Health benefits of cabbage
- Cabbage, being a good source of potassium, calcium and magnesium helps maintain bone health and strength.
- It helps maintain low blood pressure.
- Cabbage is full of Vitamin K which helps with mental function and concentration.
- Vitamin C and sulfur in cabbage help in detoxing the body.
- Cabbage is a smart carb (with only 33 calories per cup) high in fiber and low in fat, which helps in weight loss.

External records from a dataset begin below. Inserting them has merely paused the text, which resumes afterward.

(* Let $\varphi$ be a basic existential or basic universal sentence of spread $m$ and range $r'$ over a graph language $L$, and let $C,M\notin L$ be distinct unary predicate symbols. Let $G$ be an $L$-interpretation with $G\models\varphi$, and let $\lambda$ be a layering of $\overline G$. Let $r\ge r'$ and $\ell>2r(3m+1)$ be integers. Then for all but at most $6rm$ of the $(\ell,r)$-covers of integers $R$, there exists an $m$-plan $p$ for $R$ such that for each $I\in R$, $$G[\lambda^{-1}(I)],\ C:=\lambda^{-1}(M_{2r}(I)),\ M:=\lambda^{-1}(M_r(I))\models\varphi^{(p(I))}.$$
   Context: A graph language $L$ consists of a binary predicate symbol $e$ and a finite set of unary predicate symbols. An $L$-interpretation $G$ consists of a graph $\overline G$ and a set $S_C\subseteq V(\overline G)$ for each unary $C\in L$; $e$ is interpreted as adjacency in $\overline G$. For $S\subseteq V(\overline G)$, $G[S]$ is the interpretation on $\overline G[S]$ with each unary predicate restricted to $S$; ''$H, C:=A, M:=B$'' denotes the expansion of $H$ with new unary predicates $C,M$ interpreted as $A,B$. A layering of a graph is a function $\lambda:V\to\mathbb Z$ with $|\lambda(u)-\lambda(v)|\le1$ on edges. $d(x,y)\le r$ abbreviates $(\exists z_0,\dots,z_r)\,z_0=x\land z_r=y\land\bigwedge_{i=1}^r(z_{i-1}=z_i\lor e(z_{i-1},z_i))$. An $r$-local formula is a formula $\psi$ with one free variable $x$ in which all quantifications are of the form $(\exists y: d(x,y)\le r)$ or $(\forall y: d(x,y)\le r)$. A basic existential sentence is one of the form $(\exists x_1,\dots,x_m)\bigwedge_{1\le i<j\le m}d(x_i,x_j)>2r\land\bigwedge_{i=1}^m\psi(x_i)$, and a basic universal sentence is one of the form $(\forall x_1,\dots,x_{m+1})\bigl(\bigwedge_{1\le i<j\le m+1}d(x_i,x_j)>2r\bigr)\Rightarrow\bigvee_{i=1}^{m+1}\psi(x_i)$, where in both cases $\psi$ is $r$-local; $m$ is the spread, $r$ the range and $\psi$ the core. For such $\varphi$ and an integer $k\ge0$, the $(C,M,k)$-variant $\varphi^{(k)}$ is $(\exists x_1,\dots,x_k)\bigwedge_{1\le i<j\le k}d(x_i,x_j)>2r\land\bigwedge_{i=1}^k(C(x_i)\land\psi(x_i))$ if $\varphi$ is basic existential, and $(\forall x_1,\dots,x_{k+1})\bigl(\bigwedge_{i=1}^{k+1}M(x_i)\land\bigwedge_{1\le i<j\le k+1}d(x_i,x_j)>2r\bigr)\Rightarrow\bigvee_{i=1}^{k+1}\psi(x_i)$ if $\varphi$ is basic universal. For integers $\ell\ge 2r+1$ and $n$, the set of all intervals $\{i,i+1,\dots,i+\ell-1\}$ with $i\equiv n\pmod{\ell-2r}$ is an $(\ell,r)$-cover of integers (there are exactly $\ell-2r$ distinct ones). For an integer $d\ge0$ and $I=\{i,\dots,i+\ell-1\}$ in a cover, $M_d(I)=\{i+d,\dots,i+\ell-d-1\}$. An $m$-plan for a cover $R$ is a function $p:R\to\mathbb Z_{\ge0}$ with $\sum_{I\in R}p(I)=m$. *)

From mathcomp Require Import all_boot all_order all_algebra.
Set Implicit Arguments. Unset Strict Implicit. Unset Printing Implicit Defensive.
Import Order.TTheory GRing.Theory Num.Theory.
Local Open Scope ring_scope.

(* An L-interpretation is given by a finite vertex type V, an adjacency
   relation [adj] (the graph, symmetric and irreflexive) and the interpretation
   [lab c] of each unary predicate symbol c (symbols are natural numbers).
   An induced sub-interpretation G[S] is represented by restricting the
   domain of quantification to S : {set V} (edges and unary predicates are then
   automatically restricted to S, since they are only ever evaluated at
   elements of S). *)

(* Semantics of the formula  d(x,y) <= n  in the interpretation with domain D:
   exists z_0..z_n in D with z_0 = x, z_n = y and z_{i-1} = z_i \/ e(z_{i-1},z_i). *)
Fixpoint dle (V : finType) (adj : rel V) (D : {set V}) (n : nat) (x y : V) : Prop :=
  match n with
  | 0 => x = y
  | n'.+1 => exists z, z \in D /\ dle adj D n' x z /\ (z = y \/ adj z y)
  end.

(* Syntax of r-local formulas with the single free variable x.
   Terms: the free variable x ([LX]) or a bound variable (de Bruijn index).
   [LExB f] is (exists y : d(x,y) <= r) f, [LAllB f] is (forall y : d(x,y) <= r) f,
   where y is the new bound variable (index 0). *)
Inductive lterm := LX | LB of nat.

Inductive lform :=
| LTrue | LFalse
| LEq of lterm & lterm
| LAdj of lterm & lterm
| LLab of nat & lterm
| LNot of lform
| LAnd of lform & lform
| LOr of lform & lform
| LExB of lform
| LAllB of lform.

Definition leval (V : Type) (x : V) (env : seq V) (t : lterm) : V :=
  match t with LX => x | LB n => nth x env n end.

Fixpoint lsat (V : finType) (adj : rel V) (lab : nat -> {set V}) (D : {set V})
    (r : nat) (x : V) (env : seq V) (f : lform) : Prop :=
  match f with
  | LTrue => True
  | LFalse => False
  | LEq t u => leval x env t = leval x env u
  | LAdj t u => adj (leval x env t) (leval x env u)
  | LLab c t => leval x env t \in lab c
  | LNot g => ~ lsat adj lab D r x env g
  | LAnd g h => lsat adj lab D r x env g /\ lsat adj lab D r x env h
  | LOr g h => lsat adj lab D r x env g \/ lsat adj lab D r x env h
  | LExB g => exists y, y \in D /\ dle adj D r x y /\ lsat adj lab D r x (y :: env) g
  | LAllB g => forall y, y \in D -> dle adj D r x y -> lsat adj lab D r x (y :: env) g
  end.

Definition core_sat (V : finType) (adj : rel V) (lab : nat -> {set V}) (D : {set V})
    (r : nat) (psi : lform) (x : V) : Prop := lsat adj lab D r x [::] psi.

Definition basic_sat (V : finType) (adj : rel V) (lab : nat -> {set V}) (D : {set V})
    (ex : bool) (m r : nat) (psi : lform) : Prop :=
  if ex then
    exists xs : 'I_m -> V,
      (forall i, xs i \in D) /\
      (forall i j : 'I_m, (i < j)%N -> ~ dle adj D (2 * r) (xs i) (xs j)) /\
      (forall i, core_sat adj lab D r psi (xs i))
  else
    forall xs : 'I_m.+1 -> V,
      (forall i, xs i \in D) ->
      (forall i j : 'I_m.+1, (i < j)%N -> ~ dle adj D (2 * r) (xs i) (xs j)) ->
      exists i, core_sat adj lab D r psi (xs i).

(* Satisfaction of the (C,M,k)-variant of the basic sentence, in the expansion of the
   interpretation with domain D by C := Cs and M := Ms. *)
Definition variant_sat (V : finType) (adj : rel V) (lab : nat -> {set V}) (D : {set V})
    (Cs Ms : {set V}) (ex : bool) (r : nat) (psi : lform) (k : nat) : Prop :=
  if ex then
    exists xs : 'I_k -> V,
      (forall i, xs i \in D) /\
      (forall i j : 'I_k, (i < j)%N -> ~ dle adj D (2 * r) (xs i) (xs j)) /\
      (forall i, xs i \in Cs /\ core_sat adj lab D r psi (xs i))
  else
    forall xs : 'I_k.+1 -> V,
      (forall i, xs i \in D) ->
      (forall i, xs i \in Ms) ->
      (forall i j : 'I_k.+1, (i < j)%N -> ~ dle adj D (2 * r) (xs i) (xs j)) ->
      exists i, core_sat adj lab D r psi (xs i).

Definition layering (V : finType) (adj : rel V) (lam : V -> int) : Prop :=
  forall u v, adj u v -> `|lam u - lam v| <= 1.

(* lam^{-1}(M_d(I)) for I = {i, ..., i + l - 1}, i.e. vertices with layer in
   {i + d, ..., i + l - d - 1}; d = 0 gives lam^{-1}(I). *)
Definition layer_set (V : finType) (lam : V -> int) (i : int) (l d : nat) : {set V} :=
  [set v | (i + d%:Z <= lam v) && (lam v <= i + l%:Z - d%:Z - 1)].

(* An m-plan for the cover whose intervals are indexed by q : int
   (interval number q starts at n + q (l - 2r)): a finitely supported
   function p : int -> nat with total sum m. *)
Definition is_plan (m : nat) (p : int -> nat) : Prop :=
  exists s : seq int, uniq s /\ (forall q, q \notin s -> p q = 0%N) /\
    (\sum_(q <- s) p q)%N = m.

From mathcomp Require Import all_boot all_order all_algebra.
From mathcomp Require Import zify.
From Stdlib Require Import Classical.
Import Order.TTheory GRing.Theory Num.Theory.
Set Implicit Arguments. Unset Strict Implicit. Unset Printing Implicit Defensive.
Local Open Scope ring_scope.

(* Write w = l - 2r; the (l, r)-covers are indexed by n : 'I_w, interval q of
   cover n starting at n + q w, and its parts M_r, M_2r are the windows one
   reaches by cutting r resp. 2r layers off each end.
   - Existential case: the m witnesses of phi are pairwise at distance > 2r'.
     Assign each witness x to the interval whose first w layers contain it;
     cover n is bad if some witness falls outside M_2r of its interval (at
     most 2rm covers).  Otherwise each witness lies in M_2r of its interval,
     and the plan p(q) = number of witnesses in interval q works, as
     r'-local facts about vertices of M_r are the same in G and in the
     subinterpretation G[lam^{-1}(I)].
   - Universal case: take a scattered set X of non-psi vertices of maximum
     size; G |= phi forces #|X| <= m.  A cover is bad if some x in X falls
     outside M_3r of its interval (at most 4rm covers).  Otherwise p(q) = #|X in interval q| (+ m - #|X| on interval 0) works:
     p(q) + 1 far non-psi vertices in M_r of interval q, together with the
     elements of X outside interval q, would be a larger such set than X.
   Since 4rm <= 6rm and 2r < l, this gives the theorem. *)

Section Distance.
Variables (V : finType) (adj : rel V).
Implicit Types (D : {set V}) (k : nat) (x y u v w : V).

Lemma dle_sub D D' k x y : D \subset D' -> dle adj D k x y -> dle adj D' k x y.
Proof.
move=> sDD'; elim: k y => [|k IH] y //= [z [zD [Hxz Hzy]]].
by exists z; split; [exact: (subsetP sDD')|split; first exact: IH].
Qed.

Lemma dle_refl D k x : x \in D -> dle adj D k x x.
Proof. by move=> xD; elim: k => [|k IH] //=; exists x; split => //; split => //; left. Qed.

Lemma dle_concat D (a b : nat) u w v :
  dle adj D a u w -> dle adj D b w v -> dle adj D (a + b) u v.
Proof.
elim: b v => [|b IH] v; first by rewrite addn0 /= => H <-.
rewrite addnS /= => Huw [z [zD [Hwz Hzv]]].
by exists z; split => //; split => //; exact: IH.
Qed.

Lemma dle_split D (a b : nat) u v :
  dle adj D (a + b) u v -> exists w, dle adj D a u w /\ dle adj D b w v.
Proof.
elim: b v => [|b IH] v; first by rewrite addn0 => H; exists v.
rewrite addnS /= => [[z [zD [/IH [w [Huw Hwz]] Hzv]]]].
by exists w; split => //; exists z.
Qed.

Lemma dle_sym k x y : symmetric adj -> dle adj setT k x y -> dle adj setT k y x.
Proof.
move=> Hsym; elim: k y => [|k IH] y /=; first by move=> ->.
case=> z [_ [/IH Hzx Hzy]].
have Hyz : dle adj setT 1 y z.
  exists y; split; first by rewrite inE.
  by split => //; case: Hzy => [->|Hadj]; [left|right; rewrite Hsym].
exact: dle_concat Hyz Hzx.
Qed.

Lemma dle_from_ball D k x y :
  (forall y j, (j <= k)%N -> dle adj setT j x y -> y \in D) ->
  dle adj setT k x y -> dle adj D k x y.
Proof.
elim: k y => [|k IH] y Hball //= [z [_ [Hxz Hzy]]].
exists z; split; first exact: (Hball z k (leqnSn k)).
split => //; apply: IH => // y' j jk; apply: Hball; exact: leq_trans jk (leqnSn k).
Qed.

Lemma dle_to_ball D k w v :
  (forall y j, (j <= k)%N -> dle adj setT j y v -> y \in D) ->
  dle adj setT k w v -> dle adj D k w v.
Proof.
elim: k v => [|k IH] v Hball //= [z [_ [Hwz Hzv]]].
exists z; split.
  by apply: (Hball z 1%N) => //; exists z; split; [rewrite inE|].
split => //; apply: IH => // y j jk Hyz; apply: (Hball y j.+1) => //.
by exists z; split; [rewrite inE|].
Qed.

(* Locality: an r-local formula evaluated at x only sees the r-ball around x,
   so it has the same truth value in any sub-domain containing that ball. *)
Lemma lsat_local (lab : nat -> {set V}) D r x :
  (forall y j, (j <= r)%N -> dle adj setT j x y -> y \in D) ->
  forall f env, lsat adj lab D r x env f <-> lsat adj lab setT r x env f.
Proof.
move=> Hball; elim=> [||t u|t u|c t|g IH|g IHg h IHh|g IHg h IHh|g IH|g IH] env //=.
- by split=> Hn Hg; apply: Hn; apply/IH.
- by rewrite IHg IHh.
- by rewrite IHg IHh.
- split; case=> y [yD [dy Hy]]; exists y.
    by split; [rewrite inE|split; [exact: dle_sub (subsetT D) dy|apply/IH]].
  split; first exact: (Hball y r (leqnn r)).
  by split; [exact: dle_from_ball|apply/IH].
- split=> Hall y yD dy.
    by apply/IH; apply: Hall; [exact: (Hball y r (leqnn r))|exact: dle_from_ball].
  by apply/IH; apply: Hall; [rewrite inE|exact: dle_sub (subsetT D) dy].
Qed.

End Distance.

Section Residues.
Variables (w : nat) (Hw : (0 < w)%N).

Lemma modz_lt (z : int) : (absz (z %% w%:Z)%Z < w)%N.
Proof.
have h1 : 0 <= (z %% w%:Z)%Z by apply: modz_ge0; lia.
have h2 : (z %% w%:Z)%Z < w%:Z by apply: ltz_pmod; lia.
lia.
Qed.

Definition residue (z : int) : 'I_w := Ordinal (modz_lt z).

Lemma residue_block (c : nat) (a : int) (n : 'I_w) :
  (forall t : 'I_c, n != residue (a - (t : nat)%:Z)) ->
  n%:Z + ((a - n%:Z) %/ w%:Z)%Z * w%:Z + c%:Z <= a /\
  a <= n%:Z + ((a - n%:Z) %/ w%:Z)%Z * w%:Z + w%:Z - 1.
Proof.
move=> Havoid; set q := ((a - n%:Z) %/ w%:Z)%Z.
have e : a - n%:Z = q * w%:Z + ((a - n%:Z) %% w%:Z)%Z := divz_eq _ _.
set t := ((a - n%:Z) %% w%:Z)%Z in e.
have t0 : 0 <= t by apply: modz_ge0; lia.
have tw : t < w%:Z by apply: ltz_pmod; lia.
case: (boolP (t < c%:Z)) => tc; last by rewrite -leNgt in tc; split; lia.
have tnc : (absz t < c)%N by lia.
have /negP[] := Havoid (Ordinal tnc); apply/eqP/val_inj => /=.
have -> : a - (absz t)%:Z = q * w%:Z + n%:Z by lia.
by rewrite modzMDl modz_small //; apply/andP; split; [|have := ltn_ord n; lia].
Qed.

End Residues.

Lemma block_unique (w q q' c b : int) : 0 < w ->
  c + q * w <= b -> b <= c + q * w + w - 1 ->
  c + q' * w <= b -> b <= c + q' * w + w - 1 -> q = q'.
Proof. move=> *; nia. Qed.

Lemma sum_count_mem (s : seq int) (c : int) :
  (\sum_(q <- s) (c == q : nat))%N = count_mem c s.
Proof. by elim: s => [|x s IH]; rewrite ?big_nil ?big_cons //= IH eq_sym. Qed.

- Glutamine in cabbage is an anti-inflammatory agent.
- The antioxidant properties of cabbage helps maintain skin, hair and nail health.
- Cabbage, like carrots, is full of beta-carotene which makes it good for the eyes, too.
- It is also rich in Vitamin C that boosts your immune system.
Health benefits of Turmeric
- Turmeric is well known for its antioxidant and anti-inflammatory properties from its main component, curcumin.
- Curcumin also boosts levels of the brain hormone BDNF that fights degenerative processes in the brain.
- Curcumin has been studied as a beneficial herb in cancer treatment and been found to affect cancer growth, development and spread at the molecular level.
- Curcumin lowers the risk of heart disease by improving the function of the endothelium, which is the lining of your blood vessels.
- Curcumin can help treat symptoms of arthritis.